[Stored data]
╔══

Lemma dotvDl x y z : dotv (y + z) x = dotv y x + dotv z x.
Proof. by rewrite dotvC dotvDr !(dotvC x). Qed.

Lemma dotvZl x a y : dotv (a *: y) x = a * dotv y x.
Proof. by rewrite dotvC dotvZr dotvC. Qed.

Lemma dotvDZ x a y :
  dotv (x + a *: y) (x + a *: y) = dotv x x + (a * dotv x y) *+ 2 + a ^+ 2 * dotv y y.
Proof. by rewrite dotvDl !dotvDr !dotvZl !dotvZr (dotvC y x); ring. Qed.

Lemma dotv_sqr_le x y : dotv x y ^+ 2 <= dotv x x * dotv y y.
Proof. exact: sum_mul_sqr_le. Qed.

Lemma dotv_le_sqrt x y : dotv x x = 1 -> dotv x y <= Num.sqrt (dotv y y).
Proof.
move=> x1; apply: le_trans (ler_norm _) _.
by rewrite -sqrtr_sqr ler_wsqrtr // -[dotv y y]mul1r -x1 dotv_sqr_le.
Qed.

Lemma normr_dotv_le1 x y : dotv x x = 1 -> dotv y y = 1 -> `|dotv x y| <= 1.
Proof.
move=> x1 y1; rewrite -sqrtr_sqr -sqrtr1 ler_wsqrtr //.
by rewrite -[1]mulr1 -{1}x1 -y1 dotv_sqr_le.
Qed.

Lemma dotv_mxE x y : dotv x y = (x *m y^T) 0 0.
Proof. by rewrite mxE; apply: eq_bigr => k _; rewrite mxE. Qed.

Lemma dotv_eq0 x : (dotv x x == 0) = (x == 0).
Proof.
apply/idP/eqP => [x0|->]; last by rewrite /dotv big1 // => k _; rewrite mxE mul0r.
apply/rowP => k; rewrite mxE.
have /eqP : x 0 k * x 0 k = 0.
  by apply: (psumr_eq0P _ (eqP x0)) => // j _; rewrite -expr2 sqr_ge0.
by rewrite mulf_eq0 orbb => /eqP.
Qed.

Lemma dotv_delta (i j : 'I_N) : dotv (delta_mx 0 i) (delta_mx 0 j) = (i == j)%:R :> R.
Proof.
rewrite -(sum_delta_mull i (fun k => (k == j)%:R)) /dotv.
by apply: eq_bigr => k _; rewrite !mxE eqxx.
Qed.

End InnerProduct.

Section Gram.
Variable R : rcfType.

Lemma row_free_gram_unit r N (B : 'M[R]_(r, N)) : row_free B -> B *m B^T \in unitmx.
Proof.
move=> freeB; rewrite -row_free_unit; apply: inj_row_free => y yBBt.
apply: (row_free_inj freeB); apply/eqP; rewrite /= mul0mx -dotv_eq0 dotv_mxE.
by rewrite trmx_mul mulmxA -(mulmxA y) yBBt mul0mx mxE.
Qed.

Definition orth_proj r N (B : 'M[R]_(r, N)) : 'M[R]_N := B^T *m invmx (B *m B^T) *m B.

Section OrthProj.
Variables (r N : nat) (B : 'M[R]_(r, N)).
Hypothesis freeB : row_free B.

Let gramK : B *m B^T *m invmx (B *m B^T) = 1%:M.
Proof. by rewrite mulmxV // row_free_gram_unit. Qed.

Lemma orth_proj_id m (V : 'M[R]_(m, N)) : (V <= B)%MS -> V *m orth_proj B = V.
Proof.
by case/submxP=> X ->; rewrite /orth_proj -!mulmxA (mulmxA B) (mulmxA _ (invmx _)) gramK mul1mx.
Qed.

Lemma mxtrace_orth_proj : \tr ((orth_proj B)^T *m orth_proj B) = r%:R.
Proof.
rewrite /orth_proj !trmx_mul trmxK trmx_inv trmx_mul trmxK mxtrace_mulC -!mulmxA mxtrace_mulC.
by rewrite -!mulmxA mxtrace_mulC !mulmxA gramK mul1mx gramK mxtrace1.
Qed.
End OrthProj.

Lemma mxtrace_gram_sqr_le_rank m N (V : 'M[R]_(m, N)) :
  \tr (V *m V^T) ^+ 2 <= (\rank V)%:R * \tr (V *m V^T *m (V *m V^T)).
Proof.
set P := orth_proj (row_base V).
have VP : V *m P = V by rewrite orth_proj_id ?row_base_free ?eq_row_base.
have -> : \tr (V *m V^T) = \tr (V^T *m V *m P^T^T).
  by rewrite trmxK -mulmxA mxtrace_mulC VP.
apply: le_trans (mxtrace_mul_tr_sqr_le _ _) _.
rewrite trmxK /P mxtrace_orth_proj ?row_base_free // mulrC trmx_mul trmxK.
by rewrite -!mulmxA mxtrace_mulC !mulmxA.
Qed.
End Gram.

Section RowsGram.
Variables (R : rcfType) (n N : nat) (v : 'I_n -> 'rV[R]_N).

Lemma rows_mx_gramE i j : (rows_mx v *m (rows_mx v)^T) i j = dotv (v i) (v j).
Proof. by rewrite mxE; apply: eq_bigr => k _; rewrite !mxE. Qed.

Lemma rank_rows_mx_ge :
  (\sum_i dotv (v i) (v i)) ^+ 2 <=
  (\rank (rows_mx v))%:R * \sum_i \sum_j dotv (v i) (v j) ^+ 2.
Proof.
set G := rows_mx v *m (rows_mx v)^T.
have trG : \tr G = \sum_i dotv (v i) (v i) by apply: eq_bigr => i _; rewrite /G rows_mx_gramE.
have Gt : G^T = G by rewrite /G trmx_mul trmxK.
have trGG : \tr (G *m G) = \sum_i \sum_j dotv (v i) (v j) ^+ 2.
  rewrite -{2}Gt mxtrace_mul_trE; apply: eq_bigr => i _; apply: eq_bigr => j _.
  by rewrite /G rows_mx_gramE expr2.
by have := mxtrace_gram_sqr_le_rank (rows_mx v); rewrite -/G trG trGG.
Qed.

Lemma rank_rows_mx_unit_ge : (forall i, dotv (v i) (v i) = 1) ->
  n%:R - (\sum_(i < n) \sum_(j < n | (i < j)%N) dotv (v i) (v j) ^+ 2) *+ 2
    <= (\rank (rows_mx v))%:R.
Proof.
move=> unit_v; have := rank_rows_mx_ge.
rewrite (sum_symmetricE (F := fun i j => dotv (v i) (v j) ^+ 2)); last by move=> i j; rewrite dotvC.
have -> : \sum_i dotv (v i) (v i) = n%:R.
  by rewrite (eq_bigr _ (fun i _ => unit_v i)) sumr_const card_ord.
have -> : \sum_i dotv (v i) (v i) ^+ 2 = n%:R.
  by under eq_bigr do rewrite unit_v expr1n; rewrite sumr_const card_ord.
set S := \sum_(i < n) _.
have S0 : 0 <= S by apply: sumr_ge0 => i _; apply: sumr_ge0 => j _; exact: sqr_ge0.
have r0 : 0 <= (\rank (rows_mx v))%:R :> R := ler0n _ _.
have := ler0n R n; nra.
Qed.
End RowsGram.

Section CHSHDefect.
Variable R : rcfType.

Definition chsh_defect (c : R) : R :=
  (Num.sqrt 2 - Num.sqrt (2 + 2 * c)) + (Num.sqrt 2 - Num.sqrt (2 - 2 * c)).

Lemma chsh_defect_ge c : `|c| <= 1 -> Num.sqrt 2 * c ^+ 2 <= 4 * chsh_defect c.
Proof.
rewrite ler_norml => /andP[c_ge c_le].
set t := Num.sqrt 2; set a := Num.sqrt (2 - 2 * c); set b := Num.sqrt (2 + 2 * c).
have sqr_sqrt x : 0 <= x -> Num.sqrt x * Num.sqrt x = x by move=> x0; rewrite -expr2 sqr_sqrtr.
have tt : t * t = 2 by rewrite sqr_sqrt.
have aa : a * a = 2 - 2 * c by rewrite sqr_sqrt //; lra.
have bb : b * b = 2 + 2 * c by rewrite sqr_sqrt //; lra.
have [t0 a0 b0] : [/\ 0 <= t, 0 <= a & 0 <= b] by rewrite !sqrtr_ge0.
(* With s = a + b: 16 c^2 = (b^2 - a^2)^2 = (2t - s) (2t + s) s^2 and 0 <= s <= 2t. *)
rewrite /chsh_defect -/t -/a -/b; set s := a + b.
have s0 : 0 <= s by rewrite addr_ge0.
have ab2 : (a - b) * (a - b) = (2 * t - s) * (2 * t + s).
  have -> : (2 * t - s) * (2 * t + s) = 4 * (t * t) - s * s by ring.
  rewrite /s tt; nra.
have s_le : s <= 2 * t.
  have : 0 <= (2 * t - s) * (2 * t + s) by rewrite -ab2 -expr2 sqr_ge0.
  nra.
have c16 : 16 * (c * c) = (2 * t - s) * (2 * t + s) * (s * s).
  rewrite -ab2; have -> : 16 * (c * c) = (b * b - a * a) * (b * b - a * a) by rewrite aa bb; ring.
  rewrite /s; ring.
have h1 : t * (2 * t + s) <= 8 by nra.
have h2 : s * s <= 8 by nra.
have h : t * (2 * t + s) * (s * s) <= 64.
  by apply: le_trans (ler_pM _ _ h1 h2) _; rewrite ?mulr_ge0 ?addr_ge0 //; lra.
have : 0 <= (2 * t - s) * (64 - t * (2 * t + s) * (s * s)) by rewrite mulr_ge0 // subr_ge0.
rewrite /s in c16 *; nra.
Qed.
End CHSHDefect.

Section CHSH.
Variables (R : rcfType) (n : nat).
Local Notation D := ((2 * n * (n - 1))%:R : R).

Definition chsh_sign (s : bool) : R := if s then 1 else -1.

Definition chsh_combo N (v : 'I_n -> 'rV[R]_N) (p : chsh_row n) : 'rV[R]_N :=
  v (val p).1.1 + chsh_sign (val p).2 *: v (val p).1.2.

Lemma sum_chsh_row (V : nmodType) (F : 'I_n -> 'I_n -> bool -> V) :
  \sum_(p : chsh_row n) F (val p).1.1 (val p).1.2 (val p).2 =
  \sum_(i < n) \sum_(j < n | (i < j)%N) (F i j true + F i j false).
Proof.
have -> : \sum_(p : chsh_row n) F (val p).1.1 (val p).1.2 (val p).2 =
    \sum_(x | chsh_pred n x) F x.1.1 x.1.2 x.2.
  symmetry; rewrite (reindex_omap (val : chsh_row n -> _) insub); last first.
    by move=> x hx; rewrite insubT.
  by apply: eq_bigl => y; rewrite valK eqxx andbT (valP y).
have -> : \sum_(x | chsh_pred n x) F x.1.1 x.1.2 x.2 =
    \sum_(ij : 'I_n * 'I_n | (ij.1 < ij.2)%N) \sum_(s : bool) F ij.1 ij.2 s.
  by rewrite pair_big /=; apply: eq_big => [[ij s]|[ij s] _] //=; rewrite andbT.
rewrite (pair_big_dep xpredT (fun i j : 'I_n => (i < j)%N)) /=.
by apply: eq_bigr => ij _; rewrite big_bool.
Qed.

Section Strategy.
Variables (N : nat) (v : 'I_n -> 'rV[R]_N).

Lemma CHSH_dotvE (p : chsh_row n) (x : 'rV[R]_N) :
  \sum_k CHSH R n p k * dotv x (v k) = dotv x (chsh_combo v p) / D.
Proof.
under eq_bigr do rewrite /CHSH mulrAC mulrDl -mulrA.
by rewrite -mulr_suml big_split /= -mulr_sumr !sum_delta_mull /chsh_combo dotvDr dotvZr.
Qed.

Lemma bias_CHSHE (u : chsh_row n -> 'rV[R]_N) :
  bias (CHSH R n) u v = \sum_p dotv (u p) (chsh_combo v p) / D.
Proof. by apply: eq_bigr => p _; rewrite CHSH_dotvE. Qed.

Lemma dotv_chsh_combo (p : chsh_row n) :
  (forall j, dotv (v j) (v j) = 1) ->
  dotv (chsh_combo v p) (chsh_combo v p) =
  2 + 2 * (chsh_sign (val p).2 * dotv (v (val p).1.1) (v (val p).1.2)).
Proof.
move=> unit_v; rewrite /chsh_combo dotvDZ !unit_v.
have -> : chsh_sign (val p).2 ^+ 2 = 1 by rewrite /chsh_sign; case: (val p).2; ring.
ring.
Qed.

Lemma bias_CHSH_le (u : chsh_row n -> 'rV[R]_N) : vector_strategy u v ->
  bias (CHSH R n) u v <=
  \sum_(p : chsh_row n)
    Num.sqrt (2 + 2 * (chsh_sign (val p).2 * dotv (v (val p).1.1) (v (val p).1.2))) / D.
Proof.
case=> unit_u unit_v; rewrite bias_CHSHE; apply: ler_sum => p _.
by rewrite ler_wpM2r ?invr_ge0 // -dotv_chsh_combo // dotv_le_sqrt.
Qed.
End Strategy.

╚══

REQUIRED WORK
Search the data and copy each line containing "dotvZr".

SOLUTION TO THIS TASK
Proof. by rewrite dotvC dotvZr dotvC. Qed.
Proof. by rewrite dotvDl !dotvDr !dotvZl !dotvZr (dotvC y x); ring. Qed.
by rewrite -mulr_suml big_split /= -mulr_sumr !sum_delta_mull /chsh_combo dotvDr dotvZr.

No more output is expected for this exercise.